Aconselhado pelo núcleo militar do governo a adotar um estilo mais conciliador diante do avanço da crise do coronavírus, o presidente Jair Bolsonaro vive um dilema. Ao mesmo tempo em que os generais querem que Bolsonaro recorra a uma estratégia de menos confronto e se concentre no combate ao inimigo invisível, a ala ideológica do governo mantém a pressão para que ele intensifique a ofensiva contra a imprensa, o Congresso e o Supremo Tribunal Federal.
Os panelaços dos últimos dias, com gritos de "Fora Bolsonaro", viraram um divisor de águas para o presidente, que, a partir de agora, passa a contar com forte oposição. Na tentativa de reverter o desgaste de sua imagem, Bolsonaro tem como meta anunciar todo dia várias medidas, não só sociais como econômicas, para debelar a crise.
Nesta quinta-feira, 19, por exemplo, o governo endureceu as restrições de combate à propagação da doença ao fechar fronteiras terrestres com Argentina, Bolívia, Colômbia, Guiana Francesa,Guiana, Paraguai, Peru e Suriname. Inicialmente, Bolsonaro resistia a adotar essa iniciativa. Na área econômica, o Executivo anunciou o pagamento de uma parcela do seguro-desemprego para trabalhadores que tiverem o salário e jornada reduzidas.

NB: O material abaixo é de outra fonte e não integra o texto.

(** product in O_K:  w^2 = w + (d-1)/4 if d = 1 mod 4,  w^2 = d otherwise *)
Definition OKmul (d : nat) (s t : OK) : OK :=
  let: (a, b) := s in let: (c, e) := t in
  if (d %% 4 == 1)%N then
    (a * c + b * e * ((d - 1) %/ 4)%N%:Z, a * e + b * c + b * e)
  else (a * c + b * e * d%:Z, a * e + b * c).

Definition OKadd (s t : OK) : OK := (s.1 + t.1, s.2 + t.2).
Definition OKone : OK := (1, 0).
Definition OKzero : OK := (0, 0).

(** the two real embeddings sigma_1 (identity) and sigma_2 (conjugation) *)
Definition omega1 {R : realType} (d : nat) : R :=
  if (d %% 4 == 1)%N then (1 + Num.sqrt (d%:R)) / 2 else Num.sqrt (d%:R).
Definition omega2 {R : realType} (d : nat) : R :=
  if (d %% 4 == 1)%N then (1 - Num.sqrt (d%:R)) / 2 else - Num.sqrt (d%:R).

Definition sigma1 {R : realType} (d : nat) (s : OK) : R :=
  s.1%:~R + s.2%:~R * omega1 d.
Definition sigma2 {R : realType} (d : nat) (s : OK) : R :=
  s.1%:~R + s.2%:~R * omega2 d.

Definition absNorm {R : realType} (d : nat) (s : OK) : R :=
  `|sigma1 d s * sigma2 d s|.

Definition is_ideal (d : nat) (I : set OK) : Prop :=
  I OKzero /\ (forall s t, I s -> I t -> I (OKadd s t)) /\
  (forall s, I s -> I ((- s.1), (- s.2))) /\
  (forall r s, I s -> I (OKmul d r s)).

Definition is_principal (d : nat) (I : set OK) : Prop :=
  exists g : OK, forall z, I z <-> exists r : OK, z = OKmul d g r.

Definition class_number_one (d : nat) : Prop :=
  forall I : set OK, is_ideal d I -> is_principal d I.

Definition is_unit (d : nat) (u : OK) : Prop := exists t : OK, OKmul d u t = OKone.

Definition is_fundamental_unit {R : realType} (d : nat) (e : OK) : Prop :=
  is_unit d e /\ 1 < sigma1 (R := R) d e /\
  forall u, is_unit d u ->
    exists k : int, (sigma1 d u : R) = sigma1 d e ^ k \/ (sigma1 d u : R) = - (sigma1 d e ^ k).

Definition S_set {R : realType} (d : nat) (e : OK) (x : R) : set OK :=
  let eps : R := sigma1 d e in
  [set s | eps^-1 * `|(sigma2 d s : R)| < `|(sigma1 d s : R)| /\
           `|(sigma1 d s : R)| <= eps * `|(sigma2 d s : R)| /\
           0 < (sigma1 d s : R) /\ absNorm d s <= x].

Definition Wfun {R : realType} (d : nat) (e : OK) (s : OK) : R :=
  ln `|(sigma1 d s : R) / sigma2 d s| / (2 * ln (sigma1 d e : R)).

Definition distZ {R : realType} (X : R) : R :=
  Num.min (X - (Num.floor X)%:~R) ((Num.ceil X)%:~R - X).

Definition TZ {R : realType} (eta1 eta2 Z W : R) : R :=
  let n1 := distZ (W - eta1 / 2) in
  let n2 := distZ (W - eta2 / 2) in
  if (n1 == 0) || (n2 == 0) then ln Z
  else Num.min (ln Z) ((Z * n1)^-1 + (Z * n2)^-1).

(* The values W(s), s in S(-1,1;x), are well spaced: if s and t are not
   proportional, s1(s) s2(t) - s1(t) s2(s) is a nonzero integer multiple of
   omega1 - omega2, so the ratios |s1/s2| differ by at least 1/(eps x) and
   |W(s) - W(t)| >> 1/x.  An element of S is determined by its line through 0
   and one coordinate, of size O(sqrt x).  Hence for any shift beta, cutting
   the range of |W(s) - beta| into buckets of width 1/N with N ~ x puts
   O(sqrt x) elements into each bucket, and the k-th bucket contributes at
   most min(log Z, N/(Z k)); summing over k gives sqrt x (log Z + x log x / Z).
   Finally ||y|| = |y - n| for some n in {-1, 0, 1} when |y| <= 1, so T_Z(W)
   is bounded by six such shifted sums. *)

From mathcomp Require Import all_boot all_order all_algebra.
From mathcomp Require Import all_classical all_reals all_analysis.
From mathcomp Require Import ring lra zify.
Import Order.TTheory GRing.Theory Num.Theory.
Local Open Scope ring_scope.
Set Implicit Arguments. Unset Strict Implicit.

Lemma min_addr_le (R : realDomainType) (c a b : R) : 0 <= c -> 0 <= a -> 0 <= b ->
  Num.min c (a + b) <= Num.min c a + Num.min c b.
Proof.
move=> c0 a0 b0; rewrite ge_min.
case: (leP c a) => ha; case: (leP c b) => hb;
  rewrite ?(min_l ha) ?(min_l hb) ?(min_r (ltW ha)) ?(min_r (ltW hb)).
- by apply/orP; left; lra.
- by apply/orP; left; lra.
- by apply/orP; left; lra.
- by rewrite lexx orbT.
Qed.

Definition TZ1 {R : realType} (Z t : R) : R :=
  if t == 0 then ln Z else Num.min (ln Z) (Z * t)^-1.

Section TZ1.
Variables (R : realType) (Z : R).
Hypothesis Z1 : 1 <= Z.

Lemma TZ1_ge0 (t : R) : 0 <= t -> 0 <= TZ1 Z t.
Proof.
move=> t0; have lZ := ln_ge0 Z1; rewrite /TZ1.
by case: ifP => // _; rewrite le_min lZ invr_ge0 mulr_ge0 // (le_trans _ Z1).
Qed.

Lemma TZ1_le_ln (t : R) : TZ1 Z t <= ln Z.
Proof. by rewrite /TZ1; case: ifP => // _; rewrite ge_min lexx. Qed.

Lemma distZ_ge0 (X : R) : 0 <= distZ X.
Proof. by rewrite /distZ le_min !subr_ge0 floor_le ceil_ge. Qed.

Lemma TZ_le_TZ1 (eta1 eta2 W : R) :
  TZ eta1 eta2 Z W <= TZ1 Z (distZ (W - eta1 / 2)) + TZ1 Z (distZ (W - eta2 / 2)).
Proof.
rewrite /TZ; set n1 := distZ _; set n2 := distZ _.
have h1 : 0 <= TZ1 Z n1 by apply/TZ1_ge0/distZ_ge0.
have h2 : 0 <= TZ1 Z n2 by apply/TZ1_ge0/distZ_ge0.
have [->|n10] /= := eqVneq n1 0; first by rewrite /TZ1 eqxx lerDl.
have [->|n20] /= := eqVneq n2 0; first by rewrite /TZ1 eqxx lerDr.
have Zn0 (n : R) : 0 <= n -> 0 <= (Z * n)^-1.
  by move=> n0; rewrite invr_ge0 mulr_ge0 // (le_trans _ Z1).
rewrite /TZ1 (negPf n10) (negPf n20) min_addr_le ?ln_ge0 ?Zn0 //; exact: distZ_ge0.
Qed.

Lemma distZ_unit_interval (y : R) : -1 <= y <= 1 ->
  exists2 n : int, (n == -1) || (n == 0) || (n == 1) & distZ y = `|y - n%:~R|.
Proof.
case/andP=> ym yM; rewrite /distZ.
have fl1 : -1 <= Num.floor y by rewrite floor_ge_int.
have fl2 : Num.floor y <= 1 by rewrite -(ler_int R) (le_trans (floor_le y)).
have ce1 : -1 <= Num.ceil y by rewrite -(ler_int R) (le_trans _ (ceil_ge y)).
have ce2 : Num.ceil y <= 1 by rewrite ceil_le_int.
case: leP => _.
  by exists (Num.floor y); [lia | rewrite ger0_norm // subr_ge0 floor_le].
by exists (Num.ceil y); [lia | rewrite ler0_norm ?opprB // subr_le0 ceil_ge].
Qed.

Lemma TZ1_distZ_le (W b : R) : -1 <= W - b <= 1 ->
  TZ1 Z (distZ (W - b)) <=
  TZ1 Z `|W - (b - 1)| + TZ1 Z `|W - b| + TZ1 Z `|W - (b + 1)|.
Proof.
move=> /distZ_unit_interval[n n3 ->]; rewrite -addrA -opprD.
have g1 := TZ1_ge0 (normr_ge0 (W - (b - 1))).
have g2 := TZ1_ge0 (normr_ge0 (W - b)).
have g3 := TZ1_ge0 (normr_ge0 (W - (b + 1))).
by case/orP: n3 => [/orP[]|] /eqP->; rewrite ?intrN1 ?addr0; lra.
Qed.

End TZ1.

Lemma ln_norm_le (R : realType) (eps r : R) :
  1 < eps -> eps^-1 < r -> r <= eps -> `|ln r| <= ln eps.
Proof.
move=> e1 h1 h2; have ep : 0 < eps by apply: lt_trans e1.
have rp : 0 < r by apply: lt_trans h1; rewrite invr_gt0.
rewrite ler_norml ler_ln ?posrE // h2 andbT -lnV ?posrE //.
by rewrite ler_ln ?posrE ?invr_gt0 // ltW.
Qed.

Lemma subr_div_le_ln (R : realType) (a b : R) : 0 < a -> 0 < b ->
  (a - b) / a <= ln a - ln b.
Proof.
move=> a0 b0; have ba : -1 < b / a - 1 by rewrite ltrBrDr addNr divr_gt0.
have := le_ln1Dx ba; rewrite addrC subrK ln_div ?posrE //.
have -> : (a - b) / a = - (b / a - 1) by field; rewrite gt_eqF.
move=> h; lra.
Qed.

A medida deve atingir 11 bilhões de pessoas.
Presidente capital político ao ignorar pandemia
A avaliação interna no Planalto é a de que o presidente perdeu tempo e capital político ao ignorar a pandemia e dizer que tudo não passava de uma "fantasia" superdimensionada. Agora, precisa dar respostas rápidas à população.

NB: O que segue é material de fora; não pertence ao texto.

(* (d) core, other direction: EDR splits nabla (!p \/ !~p); this disjunction
   is not refutable, so by stability (through the previous lemma) its nabla
   holds, and nabla !q -> !q finishes. *)
Lemma prop_decidable_from_stability (p : prp) :
  (forall q, Der Ax Ru (FB (BImp (BNeg (BBang (PNeg q))) (BBang q)))) ->
  Der Ax Ru (FB (BImp (Nab (BOr (BBang p) (BBang (PNeg p))))
                      (BOr (Nab (BBang p)) (Nab (BBang (PNeg p)))))) ->
  Der Ax Ru (FB (BOr (BBang p) (BBang (PNeg p)))).
Proof.
  intros Hstab Hsplit.
  assert (Hnn : Entails [] (BNeg (BNeg (BOr (BBang p) (BBang (PNeg p)))))).
  { apply deduction; eapply from_mp; [hyp |].
    apply or_introl; eapply from_mp; [exact (from_thm (Hstab p)) |].
    apply deduction; eapply from_mp; [hyp |].
    apply or_intror; hyp. }
  apply closed_derivation.
  eapply or_elim; [eapply from_mp; [exact (from_thm Hsplit) |] | |].
  - eapply from_mp; [apply from_thm, nabla_from_double_negation, Hstab | exact Hnn].
  - apply or_introl; eapply from_mp; [apply from_thm, nabla_bang | hyp].
  - apply or_intror; eapply from_mp; [apply from_thm, nabla_bang | hyp].
Qed.

Lemma not_and_not (a : prb) : Der Ax Ru (FB (BNeg (BAnd a (BNeg a)))).
Proof.
  apply closed_derivation, deduction.
  eapply from_mp; [eapply from_mp; [ax (AB4 a (BNeg a)) | hyp] |].
  eapply from_mp; [ax (AB3 a (BNeg a)) | hyp].
Qed.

Em transmissão ao vivo pela internet, Bolsonaro disse nesta quinta-feira, 19, que em três ou quatro meses o pico do vírus deve diminuir. "Haverá normalidade em seis ou sete meses", previu ele. Para recuperar o apoio perdido, o presidente fará um novo "tour" por programas populares. Nesta sexta, 20, ele anunciou a participação, às 22h30, no Programa do Ratinho, no SBT.
O triunvirato militar do governo
No núcleo militar, com o ministro do Gabinete de Segurança Institucional (GSI), Augusto Heleno, em quarentena por ter contraído o coronavírus, Bolsonaro tem hoje como interlocutores preferenciais os generais Walter Braga Netto, chefe da Casa Civil, e Fernando Azevedo, titular da Defesa. Outro auxiliar consultado com frequência é o ministro da Infraestrutura, Tarcísio Gomes de Freitas, um capitão da reserva.
O trio de auxiliares quer que Bolsonaro ignore os "panelaços" e quaisquer protestos contra o governo. Na prática, esses ministros traçam cenários e fazem planejamentos sobre como as Forças Armadas podem colaborar nessa "guerra", caso haja necessidade de garantir que a logística para o abastecimento da população seja assegurada na crise.
Articulador político do Planalto com o Congresso, o general Luiz Eduardo Ramos é amigo de todos, mas está "escanteado" por Bolsonaro desde a polêmica referente ao acordo para a repartição dos recursos do Orçamento. Para o presidente, Ramos foi "ingênuo" e caiu na "armadilha" do bloco de partidos que dá as cartas na Câmara, conhecido como Centrão.
Enquanto isso, discípulos do escritor Olavo de Carvalho, guru do bolsonarismo, avaliam que Bolsonaro está enfraquecido porque só ouve generais. "Eleito para derrubar o sistema, Bolsonaro, aconselhado por generais e políticos medrosos, preferiu adaptar-se a ele. Suicídio", escreveu o guru em suas redes sociais, na quarta-feira.
Ao contrário de outras vezes, nas quais o presidente encontrou respaldo nas mídias digitais, desta vez sua conduta provoca ácidas críticas. Na percepção do próprio Planalto, o momento não é de procurar culpados, mas, sim, de encontrar soluções.
Desde o início da crise, o governo tem perdido apoios importantes e um sentimento de apreensão toma conta do Planalto, pois muitos ali temem os resultados das próximas pesquisas. Há quem compare a atual situação com a queda abrupta de popularidade da então presidente Dilma Rousseff, que, em 2015, perdeu aproximadamente 40 pontos porcentuais no intervalo de um mês. Menos de um ano depois, ela sofreu impeachment.